The object and advantages of the invention will be realized and attained by means of the elements and combinations particularly pointed out in the claims.
It is to be understood that both the foregoing general description and the following detailed description are exemplary and explanatory and are not restrictive of the invention.
There is a technique of, for example, working out sensitivity for each parameter with respect to an evaluation function, and preferentially tuning a highly sensitive parameter to significantly reduce the number of times of convergence.
However, even when a parameter that can obtain the optimum evaluation value with the training data is selected, the evaluation in the real data is sometimes low. There are cases where the tendency differs between the training data and the real data.
Therefore, the determination accuracy may be improved.
Hereinafter, embodiments of the present invention will be described with reference to the drawings. In machine learning, learning is performed using training data, and the prediction result of the learning is evaluated using evaluation data. Furthermore, tuning is performed such that the correct answer can be derived, using data for which the correct answer is known in advance. However, for example, since the data for which the correct answer is known is often past data, or only a part of the data is available, the tuned machine learning does not always give the correct answer in actual operation.
The main causes of this are deemed to be a difference in tendency between the training data and the real data, the influence of noise, and the like. Furthermore, the number of pieces of data differs between the training data and the real data, and it is sometimes difficult for the training data to learn all the tendencies of the real data.

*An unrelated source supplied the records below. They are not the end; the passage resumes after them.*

(* Let $R=4t\ge8$ with $t$ an integer, and $\mu=4$ (so $\gcd(R,4)=4$). Then under $G_{R,4}$ the ring $\mathbb Z_R$ has exactly three orbits: $O_0=\{\lambda:\lambda\equiv0\pmod4\}$, $O_1=\{\lambda:\lambda\equiv1\pmod2\}$ and $O_2=\{\lambda:\lambda\equiv2\pmod4\}$; $\mathrm P^+_{R,4}(\lambda)=\mathrm P^+_{R,4}(k)$ for all $\lambda\in O_k$, $k=0,1,2$; these values satisfy $$\mathrm P^+_{R,4}(0)+2\mathrm P^+_{R,4}(1)+\mathrm P^+_{R,4}(2)=\binom{R-1}{3},\quad \mathrm P^+_{R,4}(0)-\mathrm P^+_{R,4}(1)=\frac{R-4}{4},\quad \mathrm P^+_{R,4}(0)-\mathrm P^+_{R,4}(2)=-1,$$ and hence $\mathrm P^+_{R,4}(0)=\frac14\left(\binom{R-1}{3}+\frac{R-6}{2}\right)$, $\mathrm P^+_{R,4}(1)=\frac14\left(\binom{R-1}{3}-\frac{R-2}{2}\right)$, $\mathrm P^+_{R,4}(2)=\frac14\left(\binom{R-1}{3}+\frac{R+2}{2}\right)$.
   Context: $\mathbb Z_R$ is the ring of integers modulo $R$ and $\mathbb Z_R^*$ its units; $\mathrm P^+_{R,\mu}(\lambda)$ is the number of $\mu$-element subsets of $\mathbb Z_R$ (distinct elements) whose sum in $\mathbb Z_R$ is $\lambda$. $G_{R,\mu}$ is the group of maps $\lambda\mapsto\lambda\ell+u\mu$ on $\mathbb Z_R$ with $\ell\in\mathbb Z_R^*$, $u\in\{0,\dots,R-1\}$; orbits are the equivalence classes of ''$\lambda_2=\lambda_1\varphi$ for some $\varphi\in G_{R,\mu}$''. *)

(* Z_R is modelled by residues lambda in {0,...,R-1} (nat),
   elements of Z_R as 'I_R, arithmetic taken mod R. *)
From mathcomp Require Import all_boot all_order all_algebra.
Set Implicit Arguments. Unset Strict Implicit. Unset Printing Implicit Defensive.

Definition Pplus (R mu lambda : nat) : nat :=
  #|[set A : {set 'I_R} | (#|A| == mu) && ((\sum_(x in A) (x : nat)) %% R == lambda %% R)]|.

(* The map lambda |-> lambda*l + u*mu on Z_R, an element of G_{R,mu}
   when l is a unit of Z_R and 0 <= u <= R-1. *)
Definition Gmap (R mu l u lambda : nat) : nat := (lambda * l + u * mu) %% R.

Definition in_G (R l u : nat) : Prop := l < R /\ coprime l R /\ u < R.

Definition same_orbit (R mu lambda1 lambda2 : nat) : Prop :=
  exists l u, in_G R l u /\ lambda2 = Gmap R mu l u lambda1.

Definition orbit_index (lambda : nat) : nat :=
  if odd lambda then 1 else lambda %% 4.

From mathcomp Require Import all_boot all_order all_algebra.
Import GRing.Theory Num.Theory.
From mathcomp Require Import algC zify ring lra.

(* The maps of G_{R,4} have odd multiplier, so they preserve a residue mod 4 up to sign;
   this gives the three orbits.  Translating a 4-subset of Z_R by c adds 4c to its sum
   and reflecting it through c turns a sum l into 4c - l, so P^+_{R,4}(l) only depends
   on the orbit index of l.  Summing e^(sum A) over the 4-subsets A of Z_R for a fourth
   root of unity e gives t (P0 + P1 e + P2 e^2 + P1 e^3).  For e = 1 the sum is C(R, 4);
   for e = -1, i it is the coefficient of X^4 in prod_(x < R) (1 + e^x X), that is in
   (1 - X^2)^(2t), resp. (1 - X^4)^t, namely C(2t, 2), resp. -t.  The three resulting
   linear equations determine P0, P1 and P2. *)

Lemma orbit_index_mod4 x : orbit_index (x %% 4) = orbit_index x.
Proof. by rewrite /orbit_index odd_mod // modn_mod. Qed.

Lemma orbit_index_mulr_odd x l : odd l -> orbit_index (x * l) = orbit_index x.
Proof.
move=> l_odd; rewrite /orbit_index oddM l_odd andbT; case: ifP => // /negbT.
rewrite -dvdn2 => /dvdnP [y ->].
have [k ->] : exists k, l = k.*2.+1 by exists l./2; rewrite -[in LHS](odd_double_half l) l_odd.
lia.
Qed.

Lemma orbit_index_Gmap R l u x : 4 %| R -> coprime l R ->
  orbit_index (Gmap R 4 l u x) = orbit_index x.
Proof.
move=> four_R cop; have l_odd : odd l.
  by rewrite -coprimen2 (coprime_dvdr _ cop) // (dvdn_trans _ four_R).
rewrite -orbit_index_mod4 /Gmap modn_dvdm // addnC modnMDl orbit_index_mod4.
exact: orbit_index_mulr_odd.
Qed.

Lemma same_orbit_of_congr R mu l x y : mu %| R -> l < R -> coprime l R -> y < R ->
  x * l = y %[mod mu] -> same_orbit R mu x y.
Proof.
move=> mu_R l_lt cop y_lt xl_y; have R_gt0 : 0 < R by apply: leq_ltn_trans l_lt.
set m := x * l %% R; have m_le : m <= y + R by rewrite ltnW ?ltn_addl ?ltn_pmod.
set d := (y + R - m) %% R.
have mu_d : mu %| d.
  rewrite /dvdn /d modn_dvdm // -/(dvdn _ _) -eqn_mod_dvd //.
  by rewrite -modnDmr (eqP mu_R) addn0 modn_dvdm // xl_y.
exists l, (d %/ mu); split.
  by split=> //; split=> //; apply: leq_ltn_trans (leq_div _ _) (ltn_pmod _ _).
by rewrite /Gmap divnK // -modnDml -/m modnDmr subnKC // modnDr modn_small.
Qed.

Lemma orbit_index_eq_mod4 x y : orbit_index x = orbit_index y ->
  x = y %[mod 4] \/ x + y = 0 %[mod 4].
Proof.
rewrite -(orbit_index_mod4 x) -(orbit_index_mod4 y) -modnDm.
case: (x %% 4) (ltn_pmod x (isT : 0 < 4)) => [|[|[|[|r]]]] // _;
case: (y %% 4) (ltn_pmod y (isT : 0 < 4)) => [|[|[|[|s]]]] // _;
by [left | right | case].
Qed.

Lemma same_orbit4P R x y : 4 %| R -> x < R -> y < R ->
  same_orbit R 4 x y <-> orbit_index x = orbit_index y.
Proof.
move=> four_R x_lt y_lt; have R_gt0 : 0 < R by apply: leq_ltn_trans x_lt.
split=> [[l [u [[_ [cop _]] ->]]] | /orbit_index_eq_mod4 [xy | xy0]].
- by rewrite orbit_index_Gmap.
- apply: (@same_orbit_of_congr _ _ 1); rewrite ?coprime1n ?muln1 //.
  exact: leq_trans (isT : 1 < 4) (dvdn_leq R_gt0 four_R).
- apply: (@same_orbit_of_congr _ _ R.-1); rewrite ?prednK ?coprimePn //.
  have xl_x : x * R.-1 + x = 0 %[mod 4].
    by rewrite -{2}(muln1 x) -mulnDr addn1 prednK // mod0n; apply/eqP/dvdn_mull.
  by apply/eqP; rewrite -(eqn_modDr x) xl_x addnC xy0.
Qed.

Lemma Pplus_modn R mu l : Pplus R mu (l %% R) = Pplus R mu l.
Proof. by rewrite /Pplus modn_mod. Qed.

Lemma leq_Pplus_inj R mu l m (f : 'I_R -> 'I_R) : injective f ->
  (forall A : {set 'I_R}, #|A| = mu -> \sum_(x in A) (x : nat) = l %[mod R] ->
     \sum_(x in A) (f x : nat) = m %[mod R]) ->
  Pplus R mu l <= Pplus R mu m.
Proof.
move=> f_inj f_sum; rewrite /Pplus -(card_imset _ (imset_inj f_inj)).
apply/subset_leq_card/subsetP => B /imsetP [A]; rewrite inE => /andP [/eqP cardA /eqP sumA] ->.
rewrite inE card_imset // cardA eqxx big_imset /=; last by move=> x y _ _ /f_inj.
by apply/eqP/f_sum.
Qed.

Lemma Pplus_translate R mu c l : 0 < R -> Pplus R mu (l + mu * c) = Pplus R mu l.
Proof.
move=> R_gt0.
have le_translate c' l' : Pplus R mu l' <= Pplus R mu (l' + mu * c').
  pose f (x : 'I_R) : 'I_R := Ordinal (ltn_pmod (x + c') R_gt0).
  apply: (@leq_Pplus_inj _ _ _ _ f) => [x y /(congr1 val) /eqP /= | A cardA sumA].
    by rewrite eqn_modDr !modn_small // => /eqP /val_inj.
  rewrite (eq_bigr (fun x : 'I_R => (x + c') %% R)) // modn_summ big_split /=.
  by rewrite sum_nat_const cardA -modnDml sumA modnDml.
apply/eqP; rewrite eqn_leq le_translate andbT -[leqRHS]Pplus_modn.
(* [R - 1] further translations by [c] lead back to [l] modulo [R]. *)
apply: leq_trans (le_translate (c * R.-1) _) _; rewrite -Pplus_modn.
have -> : l + mu * c + mu * (c * R.-1) = mu * c * R + l by nia.
by rewrite modnMDl.
Qed.

Lemma Pplus_reflect R mu c l m : 0 < R -> l + m = mu * c %[mod R] ->
  Pplus R mu l = Pplus R mu m.
Proof.
move=> R_gt0.
have le_reflect l' m' (lm : l' + m' = mu * c %[mod R]) : Pplus R mu l' <= Pplus R mu m'.
  pose f (x : 'I_R) : 'I_R := Ordinal (ltn_pmod (c + (R - x)) R_gt0).
  apply: (@leq_Pplus_inj _ _ _ _ f) => [x y /(congr1 val) /eqP /= | A cardA sumA].
    rewrite eqn_modDl -(eqn_modDr (x + y)) addnA subnK ?(ltnW (ltn_ord x)) //.
    rewrite [x + y]addnC addnA subnK ?(ltnW (ltn_ord y)) // eqn_modDl !modn_small //.
    by move=> /eqP /val_inj.
  apply/eqP; rewrite -(eqn_modDr l') -modnDmr -sumA modnDmr.
  rewrite (eq_bigr (fun x : 'I_R => (c + (R - x)) %% R)) // -modnDml modn_summ.
  rewrite modnDml -big_split /= (eq_bigr (fun => c + R)) => [|x _]; last first.
    by rewrite -addnA subnK // ltnW.
  by rewrite sum_nat_const cardA mulnDr -modnDmr modnMl addn0 addnC lm.
by move=> lm; apply/eqP; rewrite eqn_leq !le_reflect // addnC.
Qed.

Lemma Pplus4_orbit_index R l : 0 < R -> Pplus R 4 l = Pplus R 4 (orbit_index l).
Proof.
move=> R_gt0.
rewrite -orbit_index_mod4 {1}(divn_eq l 4) addnC [_ * 4]mulnC Pplus_translate //.
case: (l %% 4) (ltn_pmod l (isT : 0 < 4)) => [|[|[|[|//]]]] // _.
exact: (@Pplus_reflect _ _ 1).
Qed.

Lemma big_nat_periodic (R : Type) (idx : R) (op : Monoid.law idx) (f : nat -> R) p n :
  (forall i, f (i + p) = f i) ->
  \big[op/idx]_(0 <= i < n * p) f i = \big[op/idx]_(0 <= j < n) \big[op/idx]_(0 <= i < p) f i.
Proof.
move=> f_per; have f_perM j i : f (i + j * p) = f i.
  by elim: j => [|j IHj]; rewrite ?addn0 // mulSn addnCA addnC f_per.
rewrite big_nat_mul; apply: eq_bigr => j _.
by rewrite -{1}(add0n (j * p)) big_addn mulSn addnK; apply: eq_bigr => i _.
Qed.

Section GeneratingFunction.

Local Open Scope ring_scope.

Lemma eq_of_subr_eq (V : zmodType) (a b c d : V) : c = d -> a - b = c - d -> a = b.
Proof. by move=> ->; rewrite subrr => /eqP; rewrite subr_eq0 => /eqP. Qed.

Lemma coef_prod_scaleXD1 (S : comNzRingType) (T : finType) (w : T -> S) k :
  (\prod_(x : T) (w x *: 'X + 1))`_k = \sum_(A : {set T} | #|A| == k) \prod_(x in A) w x.
Proof.
rewrite (@bigA_distr _ 0 1 *%R +%R) /=.
rewrite (eq_bigr (fun A : {set T} => (\prod_(x in A) w x) *: 'X^#|A|)) => [|A _].
  by rewrite coef_sumMXn.
by rewrite -big_mkcond /= scaler_prod prodr_const.
Qed.

Lemma sum_expr_subset_sum_coef (S : comNzRingType) n k (e : S) :
  \sum_(A : {set 'I_n} | #|A| == k) e ^+ (\sum_(x in A) x) =
  (\prod_(0 <= x < n) (e ^+ x *: 'X + 1))`_k.
Proof.
rewrite big_mkord coef_prod_scaleXD1; apply: eq_bigr => A _.
by rewrite prodrXr.
Qed.

Lemma sum_expr_subset_sum_Pplus (S : comNzRingType) R k (e : S) : (0 < R)%N -> e ^+ R = 1 ->
  \sum_(A : {set 'I_R} | #|A| == k) e ^+ (\sum_(x in A) x) =
  \sum_(j < R) (Pplus R k j)%:R * e ^+ j.
Proof.
move=> R_gt0 eR.
rewrite (partition_big (fun A : {set 'I_R} => Ordinal (ltn_pmod (\sum_(x in A) x) R_gt0)) predT) //=.
apply: eq_bigr => j _; rewrite (eq_bigr (fun _ => e ^+ j)) => [|A /andP [_ /eqP <-] /=]; last first.
  by rewrite expr_mod.
rewrite sumr_const mulr_natl /Pplus; congr (_ *+ _); apply: eq_card => A.
by rewrite !inE (modn_small (ltn_ord j)).
Qed.

Lemma sum_Pplus4_expr (S : comNzRingType) t (e : S) : (0 < t)%N -> e ^+ 4 = 1 ->
  \sum_(j < 4 * t) (Pplus (4 * t) 4 j)%:R * e ^+ j =
  ((Pplus (4 * t) 4 0)%:R + (Pplus (4 * t) 4 1)%:R * e + (Pplus (4 * t) 4 2)%:R * e ^+ 2
    + (Pplus (4 * t) 4 1)%:R * e ^+ 3) *+ t.
Proof.
move=> t_gt0 e4.
transitivity (\sum_(0 <= j < t * 4) (Pplus (4 * t) 4 (orbit_index j))%:R * e ^+ j).
  rewrite [(t * 4)%N]mulnC big_mkord; apply: eq_bigr => j _.
  by rewrite -Pplus4_orbit_index ?muln_gt0.
rewrite big_nat_periodic => [|j]; last first.
  by rewrite exprD e4 mulr1 -orbit_index_mod4 modnDr orbit_index_mod4.
by rewrite sumr_const_nat subn0 !big_nat_recr //= big_geq // add0r expr0 mulr1 expr1.
Qed.

Lemma coef_one_subXn_exp (S : comNzRingType) m n : (0 < m)%N ->
  let p := (1 - 'X^m : {poly S}) ^+ n in
  [/\ p`_0 = 1, p`_m = - n%:R & p`_(m.*2) = 'C(n, 2)%:R].
Proof.
move=> m_gt0; elim: n => [|n [p0 pm p2m]] /=.
  by rewrite expr0 !coef1 double_eq0 (gtn_eqF m_gt0) oppr0.
rewrite exprS mulrBl mul1r !coefB !coefXnM m_gt0 ltnn subnn p0 pm p2m.
rewrite -addnn ltnNge leq_addr addnK pm subr0 binS bin1 natrD opprK.
by split=> //; rewrite mulrSr opprD.
Qed.

Lemma prod_scaleXD1_sqrtN1 (S : comNzRingType) (e : S) : e ^+ 2 = -1 ->
  \prod_(0 <= x < 4) (e ^+ x *: 'X + 1) = 1 - 'X^4 :> {poly S}.
Proof.
move=> e2; rewrite !big_nat_recr //= big_geq // mul1r expr0 expr1.
rewrite (exprS e 2) e2 mulrN1 scale1r scaleN1r scaleNr -mul_polyC.
have eP2 : e%:P * e%:P = -1 :> {poly S} by rewrite -polyCM -expr2 e2 polyCN.
have -> : ('X + 1) * (e%:P * 'X + 1) * (- 'X + 1) * (- (e%:P * 'X) + 1) =
  (1 - 'X ^+ 2) * (1 - e%:P * e%:P * 'X ^+ 2) :> {poly S} by ring.
by rewrite eP2; ring.
Qed.

Lemma prod_scaleXD1_N1 (S : comNzRingType) :
  \prod_(0 <= x < 2) ((-1) ^+ x *: 'X + 1) = 1 - 'X^2 :> {poly S}.
Proof. by rewrite !big_nat_recr //= big_geq // mul1r expr0 expr1 scale1r scaleN1r; ring. Qed.

Lemma sum_expr_subset_sum_periodic (S : comNzRingType) p n k (e : S) : e ^+ p = 1 ->
  \sum_(A : {set 'I_(p * n)} | #|A| == k) e ^+ (\sum_(x in A) x) =
  ((\prod_(0 <= x < p) (e ^+ x *: 'X + 1)) ^+ n)`_k.
Proof.
move=> ep; rewrite sum_expr_subset_sum_coef mulnC big_nat_periodic => [|x].
  by rewrite prodr_const_nat subn0.
by rewrite exprD ep mulr1.
Qed.

End GeneratingFunction.

Section Pplus4.

Local Open Scope ring_scope.

Variable t : nat.
Hypothesis t_gt0 : (0 < t)%N.
Local Notation P k := (Pplus (4 * t) 4 k).

Lemma Pplus4_filter (S : comNzRingType) (e : S) : e ^+ 4 = 1 ->
  \sum_(A : {set 'I_(4 * t)} | #|A| == 4%N) e ^+ (\sum_(x in A) x) =
  ((P 0)%:R + (P 1)%:R * e + (P 2)%:R * e ^+ 2 + (P 1)%:R * e ^+ 3) *+ t.
Proof.
move=> e4; rewrite sum_expr_subset_sum_Pplus ?muln_gt0 ?sum_Pplus4_expr //.
by rewrite exprM e4 expr1n.
Qed.

Lemma Pplus4_total : (P 0 + 2 * P 1 + P 2 = 'C(4 * t - 1, 3))%N.
Proof.
have := @Pplus4_filter algC 1 (expr1n _ 4).
rewrite (eq_bigr (fun => 1)) => [|A _]; last by rewrite expr1n.
rewrite sumr_const (eq_card (B := [set A : {set 'I_(4 * t)} | #|A| == 4%N])) => [|A]; last by rewrite inE.
rewrite card_draws card_ord => total.
have {}total : ('C(4 * t, 4) = (P 0 + 2 * P 1 + P 2) * t)%N.
  apply/eqP; rewrite -(eqr_nat algC) total !natrM !natrD !expr1n -mulr_natr.
  by apply/eqP; ring.
apply/eqP; rewrite -(eqn_pmul2l (_ : 0 < 4 * t)%N) ?muln_gt0 //.
by rewrite subn1 mul_bin_diag total; apply/eqP; ring.
Qed.

Lemma Pplus4_2E : P 2 = (P 0).+1.
Proof.
have i4 : 'i ^+ 4 = 1 :> algC by rewrite (exprM _ 2 2) sqrCi sqrrN expr1n.
have := @Pplus4_filter algC 'i i4.
rewrite sum_expr_subset_sum_periodic // prod_scaleXD1_sqrtN1 ?sqrCi //.
have [_ -> _] := coef_one_subXn_exp algC 4 t isT.
rewrite [_ ^+ 3]exprS sqrCi => filter_i.
apply/eqP; rewrite -(eqn_pmul2r t_gt0) -(eqr_nat algC); apply/eqP.
apply: (@eq_of_subr_eq algC _ _ _ _ filter_i).
rewrite !natrM mulrS -mulr_natr; ring.
Qed.

Lemma Pplus4_alternating : ((P 0 + P 2).+1 = 2 * (P 1 + t))%N.
Proof.
have N1_2 : (-1) ^+ 2 = 1 :> algC by rewrite sqrrN expr1n.
have N1_4 : (-1) ^+ 4 = 1 :> algC by rewrite (exprM _ 2 2) N1_2 expr1n.
have := @Pplus4_filter algC (-1) N1_4.
have := @sum_expr_subset_sum_periodic algC 2 (2 * t) 4 (-1) N1_2.
rewrite mulnA => ->; rewrite prod_scaleXD1_N1 N1_2 [_ ^+ 3]exprS N1_2.
have [_ _ ->] := coef_one_subXn_exp algC 2 (2 * t) isT.
move=> filter_N1.
have count : ('C(2 * t, 2) + 2 * P 1 * t = (P 0 + P 2) * t)%N.
  apply/eqP; rewrite -(eqr_nat algC); apply/eqP.
  apply: (@eq_of_subr_eq algC _ _ _ _ filter_N1).
  rewrite !natrM !natrD -mulr_natr; ring.
have bin2_double : ('C(2 * t, 2) + t = 2 * t * t)%N.
  rewrite bin2 -mulnA mul2n doubleK; nia.
apply/eqP; rewrite -(eqn_pmul2r t_gt0); apply/eqP; nia.
Qed.

End Pplus4.

Theorem theorem4p13 (t : nat) (ht : 2 <= t) :
  let R := 4 * t in
  let P0 := Pplus R 4 0 in
  let P1 := Pplus R 4 1 in
  let P2 := Pplus R 4 2 in
  (* exactly three orbits O_0, O_1, O_2 *)
  (forall lambda1 lambda2, lambda1 < R -> lambda2 < R ->
     same_orbit R 4 lambda1 lambda2 <-> orbit_index lambda1 = orbit_index lambda2)
  /\ (forall lambda, lambda < R -> Pplus R 4 lambda = Pplus R 4 (orbit_index lambda))
  /\ (P0 + 2 * P1 + P2 = 'C(R - 1, 3))%N
  /\ (P0%:Q - P1%:Q = (R%:Q - 4) / 4)%R
  /\ (P0%:Q - P2%:Q = -1)%R
  /\ (P0%:Q = ('C(R - 1, 3)%:Q + (R%:Q - 6) / 2) / 4)%R
  /\ (P1%:Q = ('C(R - 1, 3)%:Q - (R%:Q - 2) / 2) / 4)%R
  /\ (P2%:Q = ('C(R - 1, 3)%:Q + (R%:Q + 2) / 2) / 4)%R.
Proof.
have t_gt0 : 0 < t by apply: leq_trans ht.
move=> R P0 P1 P2; rewrite {}/P0 {}/P1 {}/P2 {}/R.
have sum_P := Pplus4_total t t_gt0.
have P2_succ := Pplus4_2E t t_gt0.
have alt_P := Pplus4_alternating t t_gt0.
have four_R : 4 %| 4 * t by apply: dvdn_mulr.
split; first by move=> x y; apply: same_orbit4P.
split; first by move=> l _; rewrite -Pplus4_orbit_index ?muln_gt0.
split; first exact: sum_P.
have natQ (m n : nat) : m = n -> (m%:Q = n%:Q)%R by move=> ->.
move: sum_P P2_succ alt_P => /natQ sum_P /natQ P2_succ /natQ alt_P.
by repeat split; lra.
Qed.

For this reason, it is necessary to perform tuning with high versatility as much as possible, and there are existing techniques of increasing versatility under general conditions; however, for example, when the evaluation values are quantized or because of the influence of noise, there are cases where a plurality of tuning results that finds the most favorable evaluation is given, for example. In such cases, it is difficult to select a parameter that finds a good evaluation value for the real data.
The present embodiments provide a parameter selection method, a parameter selection program, and an information processing device that, when a plurality of tuning results that finds the most favorable evaluation is given, select a tuning result that is deemed to have the highest versatility, from among the plurality of results.
That is, a distance to a boundary that is a boundary of a parameter space that includes a best evaluation point and is closest to each set of parameter values is worked out, and a set of parameter values farthest from the boundary is acquired. Each best evaluation point indicates the highest value in evaluation and a set of parameter values at that time.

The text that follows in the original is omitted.